Long before the US and its allies fought the recent war in Afghanistan (2001-14), Britain fought three Afghan Wars. Now almost forgotten, dusty reminders of Britain’s imperial past, they were crucial moments in the “Great Game”, the rivalry between the British and Russian empires for supremacy in Central Asia and control of land routes to British India. Largely disastrous for the British, the First Afghan War (1839-1842) resulted in the tragic deaths of some 16,000 individuals, the second (1878-1881) generated considerable domestic discord, and the third (1919) basically ended British influence in Afghan affairs. Nevertheless, they exercised the Victorian imagination and led to numerous cultural productions that will be dissected in our class: illustrated tales of British military exploits proliferated in the press; the children’s writer G.A. Henty turned the conflicts into the stuff of imperial adventure; Rudyard Kipling made the Great Game the backdrop for several works of fiction; military officers, government officials, “lady travelers”, and amateur scholars all mapped the landscape and people of Afghanistan, an endless source of fascination for the Victorians.
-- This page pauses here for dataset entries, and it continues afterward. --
(* Let $a=(a_1,\ldots,a_n)$ be a vector of positive integers and $d$ a positive integer with $a([n])=a_1+\cdots+a_n>d$, and let $I=I_{a,d}\subseteq S=K[x_1,\ldots,x_n]$ be the ideal of Veronese type. Let $k_0$ be the least positive integer $k$ such that $k(a([n])-d)\ge n-1$. Then the following are equivalent: (1) $\mathrm{Soc}(I)$ is equi-generated; (2) $\mathrm{Soc}^*(I)$ is equi-generated; (3) for every subset $A\subseteq[n]$ with $a(A)>d$ one has $k_0(a(A)-d)\ge|A|-1$.
   Context: $K$ is a field and $\mathfrak{m}=(x_1,\ldots,x_n)$. The ideal of Veronese type $I_{a,d}$ is generated by all monomials $x_1^{u_1}\cdots x_n^{u_n}$ of degree $d$ with $u_i\le a_i$ for all $i$. For $A\subseteq[n]$, $a(A)=\sum_{i\in A}a_i$. $\mathrm{Soc}(I)=\bigoplus_{m\ge0}(I^m:\mathfrak{m})/I^m$ is a graded module over the fiber cone $\mathcal{F}(I)=\bigoplus_{m\ge0}I^m/\mathfrak{m}I^m$ with $(I^m:\mathfrak{m})/I^m$ in degree $m$. For $m\ge1$, $\mathrm{soc}(I^m)$ is the ideal generated by the monomials $w$ of degree $md-1$ with $x_iw\in I^m$ for all $i$, and $\mathrm{Soc}^*(I)=\bigoplus_{m\ge1}\mathrm{soc}(I^m)$ is a graded module over the Rees ring $R(I)=\bigoplus_{m\ge0}I^m$ with $\mathrm{soc}(I^m)$ in degree $m$. A finitely generated graded module $M$ is equi-generated if it is generated by homogeneous elements of degree $\min\{i: M_i\neq0\}$. *)

From mathcomp Require Import all_boot all_algebra.
From mathcomp Require Import mpoly.
Set Implicit Arguments. Unset Strict Implicit. Unset Printing Implicit Defensive.
Import GRing.Theory.
Local Open Scope ring_scope.

Section Ideals.
Variables (K : fieldType) (n : nat).
Local Notation S := {mpoly K[n]}.

Definition ideal_gen (G : S -> Prop) : S -> Prop :=
  fun p => exists s : seq (S * S),
    (forall x, x \in s -> G x.2) /\ p = \sum_(x <- s) x.1 * x.2.

Definition ideal_unit : S -> Prop := fun _ => True.
Definition ideal_add (J L : S -> Prop) : S -> Prop :=
  fun p => exists f g, J f /\ L g /\ p = f + g.
Definition ideal_mul (J L : S -> Prop) : S -> Prop :=
  ideal_gen (fun p => exists f g, J f /\ L g /\ p = f * g).
Definition ideal_pow (J : S -> Prop) (m : nat) : S -> Prop :=
  iter m (ideal_mul J) ideal_unit.
Definition colon_max (J : S -> Prop) : S -> Prop :=
  fun f => forall i : 'I_n, J ('X_i * f).

Definition veronese_ideal (a : 'I_n -> nat) (d : nat) : S -> Prop :=
  ideal_gen (fun p => exists u : 'X_{1..n},
    p = 'X_[u] /\ mdeg u = d /\ forall i, (u i <= a i)%N).

(* Soc(I) = (+)_{m>=0} (I^m : m)/I^m as graded F(I)-module *)
Definition Soc_nonzero (I : S -> Prop) (m : nat) : Prop :=
  exists f, colon_max (ideal_pow I m) f /\ ~ ideal_pow I m f.
(* the graded F(I)-submodule generated by the degree-m0 part equals Soc(I):
   in degree m it is (I^(m-m0) (I^m0 : m) + I^m)/I^m *)
Definition Soc_generated_in (I : S -> Prop) (m0 : nat) : Prop :=
  forall m, (m0 <= m)%N -> forall f, colon_max (ideal_pow I m) f ->
    ideal_add (ideal_mul (ideal_pow I (m - m0)) (colon_max (ideal_pow I m0)))
              (ideal_pow I m) f.

(* soc(I^m), m >= 1, for I equigenerated in degree d *)
Definition soc_pow (I : S -> Prop) (d m : nat) : S -> Prop :=
  ideal_gen (fun p => exists w : 'X_{1..n},
    p = 'X_[w] /\ mdeg w = (m * d - 1)%N /\
    forall i : 'I_n, ideal_pow I m ('X_i * 'X_[w])).
(* Soc*(I) = (+)_{m>=1} soc(I^m) as graded R(I)-module *)
Definition SocStar_nonzero (I : S -> Prop) (d m : nat) : Prop :=
  exists f, soc_pow I d m f /\ f != 0.
Definition SocStar_generated_in (I : S -> Prop) (d m0 : nat) : Prop :=
  forall m, (m0 <= m)%N -> forall f, soc_pow I d m f ->
    ideal_mul (ideal_pow I (m - m0)) (soc_pow I d m0) f.

End Ideals.

(* a graded module with components indexed by degrees >= lo, given by
   "component i is nonzero" and "generated by component m0", is
   equi-generated if it is generated in degree min{i : M_i <> 0} *)
Definition equi_generated (lo : nat) (nz gen : nat -> Prop) : Prop :=
  forall m0, (lo <= m0)%N -> nz m0 ->
    (forall i, (lo <= i < m0)%N -> ~ nz i) -> gen m0.

Definition aA (n : nat) (a : 'I_n -> nat) (A : {set 'I_n}) : nat :=
  (\sum_(i in A) a i)%N.

From mathcomp Require Import all_boot all_algebra.
From mathcomp Require Import mpoly.
From mathcomp Require Import zify.

Set Implicit Arguments. Unset Strict Implicit. Unset Printing Implicit Defensive.

Import GRing.Theory.

(* All ideals involved are monomial, and the m-th power of I = I_{a,d} is
   I_{ma,md}.  A monomial u lies in (I^m : m) but not in I^m exactly when
   deg u = md - 1 and u_i < m a_i for all i (a socle monomial of level m); such
   monomials exist iff m (a([n]) - d) >= n - 1, i.e. iff m >= k0, so Soc(I) and
   Soc*(I) both start in degree k0, and each is generated there iff every socle
   monomial of level m >= k0 is divisible by a generator of I^(m-k0) times a
   socle monomial of level k0.  Under (3) such a factorisation is found
   coordinatewise by a discrete intermediate value argument.  If (3) fails at A,
   a socle monomial of large level supported on A has no such factorisation,
   because a socle monomial of level k0 supported on A exists only when
   |A| - 1 <= k0 (a(A) - d). *)

Section Monomials.
Variable n : nat.
Local Notation mono := 'X_{1..n}.
Implicit Types (M G : mono -> Prop) (u v : mono).

Lemma mdeg_lepm (u v : mono) : (u <= v)%MM -> mdeg u <= mdeg v.
Proof. by move=> /mnm_lepP h; rewrite !mdegE; apply: leq_sum => i _. Qed.

Lemma mdeg_subm (u v : mono) : (u <= v)%MM -> mdeg (v - u) = mdeg v - mdeg u.
Proof. by move=> huv; rewrite -{2}(submK huv) mdegD addnK. Qed.

Lemma lepmD (u1 u2 v1 v2 : mono) :
  (u1 <= v1)%MM -> (u2 <= v2)%MM -> (u1 + u2 <= v1 + v2)%MM.
Proof.
move=> /mnm_lepP h1 /mnm_lepP h2; apply/mnm_lepP => i.
by rewrite !mnmDE leq_add.
Qed.

Lemma mdeg_between (l u : mono) s : (l <= u)%MM -> mdeg l <= s <= mdeg u ->
  exists2 v : mono, (l <= v)%MM && (v <= u)%MM & mdeg v = s.
Proof.
move=> hlu /andP [hls]; rewrite -(subnK hls); move: (s - mdeg l) => k {s hls}.
elim: k l hlu => [|k IH] l hlu hk; first by exists l; rewrite ?lepm_refl.
have [i hi | hnone] := pickP (fun i => l i < u i); last first.
  suff : mdeg u <= mdeg l by lia.
  by apply/mdeg_lepm/mnm_lepP => i; rewrite leqNgt hnone.
have hli : (l + U_(i) <= u)%MM.
  apply/mnm_lepP => j; rewrite mnmDE mnm1E.
  by case: eqP => [<-|_]; rewrite ?addn1 ?addn0 //; apply/mnm_lepP.
have [|v /andP [hlv hvu] hv] := IH _ hli; first by rewrite mdegD mdeg1; lia.
exists v; last by rewrite hv mdegD mdeg1; lia.
by rewrite hvu andbT; apply: lepm_trans hlv; apply: lem_addr.
Qed.

Lemma exists_mon_between (L U : 'I_n -> nat) s : (forall i, L i <= U i) ->
  \sum_i L i <= s <= \sum_i U i ->
  exists2 v : mono, (forall i, L i <= v i <= U i) & mdeg v = s.
Proof.
pose mk (f : 'I_n -> nat) : mono := [multinom f i | i < n].
have mdeg_mk f : mdeg (mk f) = \sum_i f i.
  by rewrite mdegE; apply: eq_bigr => i _; rewrite mnmE.
move=> hLU hs; have [||v /andP [/mnm_lepP hl /mnm_lepP hu] hv] := @mdeg_between (mk L) (mk U) s.
- by apply/mnm_lepP => i; rewrite !mnmE.
- by rewrite !mdeg_mk.
by exists v => // i; have := hl i; have := hu i; rewrite !mnmE => -> ->.
Qed.

Definition upward_closed M := forall u v, M u -> (u <= v)%MM -> M v.
Definition upset G u := exists2 v, G v & (v <= u)%MM.
Definition mset_sum M1 M2 u :=
  exists u1 u2, [/\ M1 u1, M2 u2 & (u1 + u2 <= u)%MM].

Lemma upset_closed G : upward_closed (upset G).
Proof. by move=> u v [w hw hwu] huv; exists w => //; apply: lepm_trans huv. Qed.

Lemma mset_sum_closed M1 M2 : upward_closed (mset_sum M1 M2).
Proof.
move=> u v [u1 [u2 [h1 h2 h12]]] huv.
by exists u1, u2; split=> //; apply: lepm_trans huv.
Qed.

Lemma mset_sum_upsetr M G u : mset_sum M (upset G) u <-> mset_sum M G u.
Proof.
split=> [[u1 [u2 [h1 [w hw hwu2] h12]]] | [u1 [u2 [h1 h2 h12]]]].
  by exists u1, w; split=> //; apply: lepm_trans (lepmD (lepm_refl u1) hwu2) h12.
by exists u1, u2; split=> //; exists u2 => //; apply: lepm_refl.
Qed.

End Monomials.

Section MonomialIdeals.
Local Open Scope ring_scope.
Variables (K : fieldType) (n : nat).
Local Notation S := {mpoly K[n]}.
Local Notation mono := 'X_{1..n}.
Implicit Types (M : mono -> Prop) (J L : S -> Prop) (p q : S) (u v : mono).

Definition msupp_in M p := forall u, u \in msupp p -> M u.
Definition monomial_ideal J M := forall p, J p <-> msupp_in M p.

Lemma msupp_in0 M : msupp_in M 0.
Proof. by move=> u; rewrite msupp0. Qed.

Lemma msupp_inD M p q : msupp_in M p -> msupp_in M q -> msupp_in M (p + q).
Proof. by move=> hp hq u /msuppD_le; rewrite mem_cat => /orP [/hp|/hq]. Qed.

Lemma msupp_inZX M c u : M u -> msupp_in M (c *: 'X_[u]).
Proof. by move=> hu v /msuppZ_le; rewrite msuppX mem_seq1 => /eqP ->. Qed.

Lemma msupp_inX M u : msupp_in M 'X_[u] <-> M u.
Proof.
split=> [|hu v]; first by apply; rewrite msuppX mem_seq1.
by rewrite msuppX mem_seq1 => /eqP ->.
Qed.

Lemma msupp_inMl M p q : upward_closed M -> msupp_in M p -> msupp_in M (q * p).
Proof.
move=> upM hp u /msuppM_le /allpairsP [[u1 u2] /= [_ h2 ->]].
exact: upM (hp _ h2) (lem_addl _ _).
Qed.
By interpreting these various forms of documentary evidence, we will not only reconstruct the history of Britain’s Afghan wars but dissect the stories Britons told themselves about their Empire and about Afghanistan and its people.
The Class: Format: seminar
Limit: 19
Expected: 15-19
Class#: 1176
Grading: no pass/fail option, no fifth course option
Requirements/Evaluation: participation in class discussion, two document analyses (750 words each), two guided research essays (5 pages each), and a final research paper (10-12 pages)
Prerequisites: first-year or sophomore standing
Enrollment Preferences: first-year students, and then sophomores who have not taken a 100-level seminar
Distributions: Division II Writing Skills
WS Notes: Students will write two document analyses (750 words) and two guided research essays (5 pages), all of which will be letter-graded and returned with comments. Also, students will write a final research paper (10-12 pages) in consultation with the instructor; a working bibliography and prospectus and a rough draft will be required in advance of submission of the final paper. Students will receive from the instructor timely comments on their writing skills, with suggestions for improvement.